You probably already tried it.
Somewhere in the last 18 months, someone on your team — or maybe you — pointed a large language model at an OSS/BSS integration problem. Maybe it was a NETCONF adapter for a Nokia 7750 SR. Maybe it was an SNMP trap receiver for a Calix GPON platform. Maybe it was something simpler: a REST poller for your inventory system, or a syslog parser for a legacy Cisco device.
You gave it the MIB file. You described the target system. You asked it to generate the adapter. And it did.
The code looked right. The structure was clean. If you had shown it to a junior engineer without context, they would have said it looked solid.
And then you tried to run it in your environment.
What AI Actually Gets Right
Let me be precise about this, because the failure mode is not what most people think.
Large language models are genuinely good at generating syntactically correct code. They understand SNMP protocol structures. They can read a MIB file and produce reasonable Python. They know what a NETCONF session looks like and can scaffold a YANG model parser that compiles without errors. If you need a starting point — a template, a skeleton, a first draft — an LLM can give you one faster than any developer you have ever worked with.
That is a real capability. It is not nothing. For greenfield development in well-documented technology stacks with clear specifications, AI coding tools have genuinely changed what a small team can produce.
OSS/BSS integration in a production telecom environment is not that.
What AI Cannot Know
Here is the gap that every serious telecom engineering team discovers on first contact with AI-generated integration code: the model has no knowledge of your environment.
It does not know that your Nokia 7750 SR is running SR OS 22.10, not 23.x, and that the YANG model for ISIS adjacency changed between those releases. It does not know that your network uses a non-standard SNMP community string schema inherited from a 2019 acquisition. It does not know that your mediation layer drops packets above a certain burst rate, and that your SNMP trap receiver needs to be throttled to 200 events per second or it will overwhelm the pipeline. It does not know that your container registry requires a specific image tagging convention, or that your CI/CD pipeline has a mandatory linting gate that the generated code will not pass.
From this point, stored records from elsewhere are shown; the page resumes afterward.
Lemma is_derive_root c q κ i v t : 0 < c -> 0 < radicand c q κ (set_coord i v t) ->
  is_derive (fun s => root c q κ (set_coord i v s)) t
    ((t * venergy c q / venergy c (set_coord i v t) - coord i q) / root c q κ (set_coord i v t)).
Proof.
  intros Hc Hr. unfold root.
  replace ((t * venergy c q / venergy c (set_coord i v t) - coord i q) / sqrt (radicand c q κ (set_coord i v t)))
    with (2 * (t * venergy c q / venergy c (set_coord i v t) - coord i q) / (2 * sqrt (radicand c q κ (set_coord i v t)))).
  - apply is_derive_sqrt; [apply is_derive_radicand|]; assumption.
  - field; split; apply Rgt_not_eq; [apply venergy_pos | apply sqrt_lt_R0]; assumption.
Qed.

Lemma is_derive_eq (f : R -> R) t l l' : is_derive f t l -> l = l' -> is_derive f t l'.
Proof. now intros H <-. Qed.

Lemma is_derive_Rpower (u : R -> R) t du e : 0 < u t -> is_derive u t du ->
  is_derive (fun s => Rpower (u s) e) t (e * Rpower (u t) (e - 1) * du).
Proof.
  intros Hu Hd.
  pose proof (is_derive_comp (fun x => Rpower x e) u t _ du
    (proj2 (is_derive_Reals _ _ _) (derivable_pt_lim_power _ e Hu)) Hd) as H.
  replace (e * Rpower (u t) (e - 1) * du) with (scal du (e * Rpower (u t) (e - 1))).
  - exact H.
  - unfold scal; simpl; unfold mult; simpl; ring.
Qed.

Lemma Rpower_pos x e : 0 < Rpower x e.
Proof. apply exp_pos. Qed.

Lemma Rpower_shift x e : 0 < x ->
  Rpower x e = Rpower x (e - 2) * x ^ 2 /\ Rpower x (e - 1) = Rpower x (e - 2) * x.
Proof.
  intros Hx. split.
  - replace e with (e - 2 + INR 2) at 1 by (simpl; ring). rewrite Rpower_plus, Rpower_pow; auto.
  - replace (e - 1) with (e - 2 + INR 1) by (simpl; ring). rewrite Rpower_plus, Rpower_pow; auto.
    simpl; ring.
Qed.

Lemma Rpower_minus_one x : 0 < x -> Rpower x (-1) = / x.
Proof. intros Hx. replace (-1) with (- (1)) by ring. rewrite Rpower_Ropp, Rpower_1 by exact Hx. reflexivity. Qed.

Lemma Rpower_minus_two x : 0 < x -> Rpower x (-1 - 1) = / x ^ 2.
Proof.
  intros Hx. replace (-1 - 1) with (- INR 2) by (simpl; ring).
  rewrite Rpower_Ropp, Rpower_pow by exact Hx. reflexivity.
Qed.

Lemma iterD_eq_locally (U : R -> Prop) (h : nat -> R -> R) (f : R -> R) :
  (forall t, U t -> locally t U) ->
  (forall n t, U t -> is_derive (h n) t (h (S n) t)) ->
  (forall t, U t -> f t = h O t) ->
  forall n t, U t -> iterD n f t = h n t.
Proof.
  intros HU Hd Hf n. induction n as [|n IH]; intros t Ut; simpl; auto.
  rewrite (Derive_ext_loc _ (h n) t).
  - apply is_derive_unique; auto.
  - eapply filter_imp; [|apply HU; exact Ut]. intros s Us. apply IH; auto.
Qed.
None of this is in any training dataset. It lives in your environment, in your configuration history, in the institutional memory of your network operations team. An LLM has no path to it.
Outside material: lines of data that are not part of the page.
(* Let $\Lambda<\Gamma$, let $\mathcal R$ be a set of representatives of the cosets $\Lambda\gamma$ with $e\in\mathcal R$, and let $\mathcal H$ be a Hilbert space. For maps $\mu,\mu_1,\mu_2:\Lambda\to U(\mathcal H)$ with induced maps $\overline\mu,\overline\mu_1,\overline\mu_2:\Gamma\to U(\ell^2(\mathcal R,\mathcal H))$ one has: (1) $\mathrm{def}(\overline\mu)=\mathrm{def}(\mu)$; (2) $\|\overline\mu_1-\overline\mu_2\|=\|\mu_1-\mu_2\|$; (3) $D(\overline\mu)\le D(\mu)$.
   Context: Let $r:\Gamma\to\mathcal R$ be the retraction $r(\gamma)=$ the unique element of $\Lambda\gamma\cap\mathcal R$. For $\mu:\Lambda\to U(\mathcal H)$ the induced map $\overline\mu:\Gamma\to U(\ell^2(\mathcal R,\mathcal H))$ is $(\overline\mu(\gamma)f)(x)=\mu(x\gamma\, r(x\gamma)^{-1})\,f(r(x\gamma))$ for $f\in\ell^2(\mathcal R,\mathcal H)$, $x\in\mathcal R$. For maps into $U(\mathcal L)$: $\|\mu-\nu\|=\sup_\gamma\|\mu(\gamma)-\nu(\gamma)\|$ (operator norm), $D(\mu)=\inf\{\|\mu-\nu\|:\nu$ a unitary representation on the same space$\}$, $\mathrm{def}(\mu)=\sup_{x,y}\|\mu(xy)-\mu(x)\mu(y)\|$. *)

From Stdlib Require Import Reals List ClassicalEpsilon.
Open Scope R_scope.

Record C := mkC { Cre : R; Cim : R }.
Definition C0 : C := mkC 0 0.
Definition C1 : C := mkC 1 0.
Definition Cadd (a b : C) : C := mkC (Cre a + Cre b) (Cim a + Cim b).
Definition Cmul (a b : C) : C :=
  mkC (Cre a * Cre b - Cim a * Cim b) (Cre a * Cim b + Cim a * Cre b).
Definition Cconj (a : C) : C := mkC (Cre a) (- Cim a).

Record Hilbert := {
  hcar :> Type;
  hzero : hcar;
  hadd : hcar -> hcar -> hcar;
  hopp : hcar -> hcar;
  hscal : C -> hcar -> hcar;
  hinner : hcar -> hcar -> C;
  hadd_assoc : forall x y z, hadd x (hadd y z) = hadd (hadd x y) z;
  hadd_comm : forall x y, hadd x y = hadd y x;
  hadd_0 : forall x, hadd x hzero = x;
  hadd_opp : forall x, hadd x (hopp x) = hzero;
  hscal_assoc : forall a b x, hscal a (hscal b x) = hscal (Cmul a b) x;
  hscal_1 : forall x, hscal C1 x = x;
  hscal_distr_v : forall a x y, hscal a (hadd x y) = hadd (hscal a x) (hscal a y);
  hscal_distr_s : forall a b x, hscal (Cadd a b) x = hadd (hscal a x) (hscal b x);
  hinner_conj : forall x y, hinner y x = Cconj (hinner x y);
  hinner_add_l : forall x y z, hinner (hadd x y) z = Cadd (hinner x z) (hinner y z);
  hinner_scal_l : forall a x y, hinner (hscal a x) y = Cmul a (hinner x y);
  hinner_pos : forall x, 0 <= Cre (hinner x x);
  hinner_def : forall x, hinner x x = C0 -> x = hzero;
  hcomplete : forall u : nat -> hcar,
    (forall eps, 0 < eps -> exists N, forall m n, (N <= m)%nat -> (N <= n)%nat ->
        sqrt (Cre (hinner (hadd (u m) (hopp (u n))) (hadd (u m) (hopp (u n))))) < eps) ->
    exists l, forall eps, 0 < eps -> exists N, forall n, (N <= n)%nat ->
        sqrt (Cre (hinner (hadd (u n) (hopp l)) (hadd (u n) (hopp l)))) < eps
}.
The result is code that is structurally plausible but operationally ungrounded. It compiles. It might even run. But it does not run reliably in your specific environment, against your specific vendor versions, within your specific operational constraints — and finding out where it breaks requires exactly the kind of deep human expertise that you were hoping the AI would replace.
The Verification Problem
There is a second failure mode that is less obvious but equally damaging: AI-generated integration code has no way to verify its own outcomes.
A deployed integration is not complete when the container starts. It is complete when devices are appearing in inventory, when alerts are flowing through the correlation pipeline, when ticket creation is triggering on the right event types, and when the data arriving in your OSS matches what is happening on the network. Those outcomes require your systems to confirm them — and a language model has no connection to your systems.
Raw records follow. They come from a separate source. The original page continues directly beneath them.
(* Let $\mathcal P$ be a non-degenerate polar space of finite rank $n\ge2$ with no thin lines, and let $H$ be a hyperplane of $\mathcal P$ which, as a polar space, is non-degenerate of rank $n$. Then $S_n(H)$ generates the dual polar space $\mathcal P_n$; consequently $\mathrm{gr}(\mathcal P_n)\le\mathrm{gr}(H_n)$.
   Context: $\mathcal P$ is a point-line geometry (polar space); a subspace is a set of points containing every line meeting it in $\ge2$ points; a hyperplane is a proper subspace meeting every line. Singular subspaces (pairwise collinear subspaces) are projective spaces; a $k$-subspace is a singular subspace of projective rank $k$ (dimension $k-1$); $S_k(\mathcal P)$ is their set and $S_k(H)$ the set of those contained in $H$. The dual polar space $\mathcal P_n$ has points $S_n(\mathcal P)$ and lines $\{Z\in S_n(\mathcal P):Z\supset X\}$ for $X\in S_{n-1}(\mathcal P)$; $H_n$ is the dual polar space of $H$. A set generates a geometry if the smallest subspace containing it is everything; $\mathrm{gr}$ is the minimum size of a generating set. *)

From Stdlib Require Import Arith.

Section Geometry.
(* A point-line geometry: a type of points [Pt], a point set [D] (the
   "universe" of the geometry, so that induced geometries such as a
   hyperplane can be treated uniformly), and a predicate [Ln] on sets of
   points selecting the lines. *)
Context {Pt : Type} (Ln : (Pt -> Prop) -> Prop) (D : Pt -> Prop).

Definition subset (A B : Pt -> Prop) : Prop := forall x, A x -> B x.

Definition lineIn (L : Pt -> Prop) : Prop := Ln L /\ subset L D.

Definition collinear (x y : Pt) : Prop :=
  x = y \/ exists L, lineIn L /\ L x /\ L y.

(* partial linear space + Buekenhout-Shult one-or-all axiom *)
Definition polar_space : Prop :=
  (forall L, lineIn L -> exists x y, x <> y /\ L x /\ L y) /\
  (forall L M x y, lineIn L -> lineIn M -> x <> y ->
      L x -> L y -> M x -> M y -> forall z, L z <-> M z) /\
  (forall p L, D p -> lineIn L ->
      (forall x, L x -> collinear p x) \/
      (exists x, (L x /\ collinear p x) /\
                 forall y, L y /\ collinear p y -> y = x)).

Definition nondegenerate : Prop :=
  forall x, D x -> exists y, D y /\ ~ collinear x y.

Definition no_thin_lines : Prop :=
  forall L, lineIn L -> exists x y z, L x /\ L y /\ L z /\
                         x <> y /\ x <> z /\ y <> z.

Definition subspace (S : Pt -> Prop) : Prop :=
  subset S D /\
  forall L, lineIn L ->
    (exists x y, x <> y /\ L x /\ L y /\ S x /\ S y) -> subset L S.

Definition singular (S : Pt -> Prop) : Prop :=
  subspace S /\ forall x y, S x -> S y -> collinear x y.

Definition hyperplane (H : Pt -> Prop) : Prop :=
  subspace H /\ (exists x, D x /\ ~ H x) /\
  forall L, lineIn L -> exists x, L x /\ H x.

Definition has_chain (X : Pt -> Prop) (k : nat) : Prop :=
  exists f : nat -> Pt -> Prop,
    (forall x, ~ f 0 x) /\ (forall x, f k x <-> X x) /\
    (forall i, i <= k -> subspace (f i)) /\
    (forall i, i < k -> subset (f i) (f (S i)) /\
                        exists x, f (S i) x /\ ~ f i x).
This means that every AI-generated integration requires a human to do the verification work that the AI cannot do. Someone has to check whether the Nokia traps are actually arriving and being parsed correctly. Someone has to confirm that the Calix YANG model fields are mapping to the right inventory attributes. Someone has to watch the alert queue long enough to know whether the correlation logic is working. The AI gave you code. You still need an engineer.
In a large organization with dedicated integration engineering resources, this is a manageable handoff. For a Tier 2 or Tier 3 carrier with a two-person integration team and a backlog of six pending integrations, it is not. The AI accelerated the code generation phase and moved the bottleneck to verification — which is already where most of the time was being spent.
Why This Is Not a Criticism of AI
I want to be clear about something: this is not an argument that AI is overhyped or that language models do not belong in a telecom operations stack. I have spent 25 years in this industry and hold 12 patents in network operations and service assurance. We built Rapax as an AI-native platform. AI is central to what we do.
The argument is more specific than that. A large language model deployed as a standalone tool — no environmental context, no operational grounding, no verification loop, no integration history — will not solve your OSS/BSS integration problem. It will generate a plausible-looking starting point and hand the hard part back to you.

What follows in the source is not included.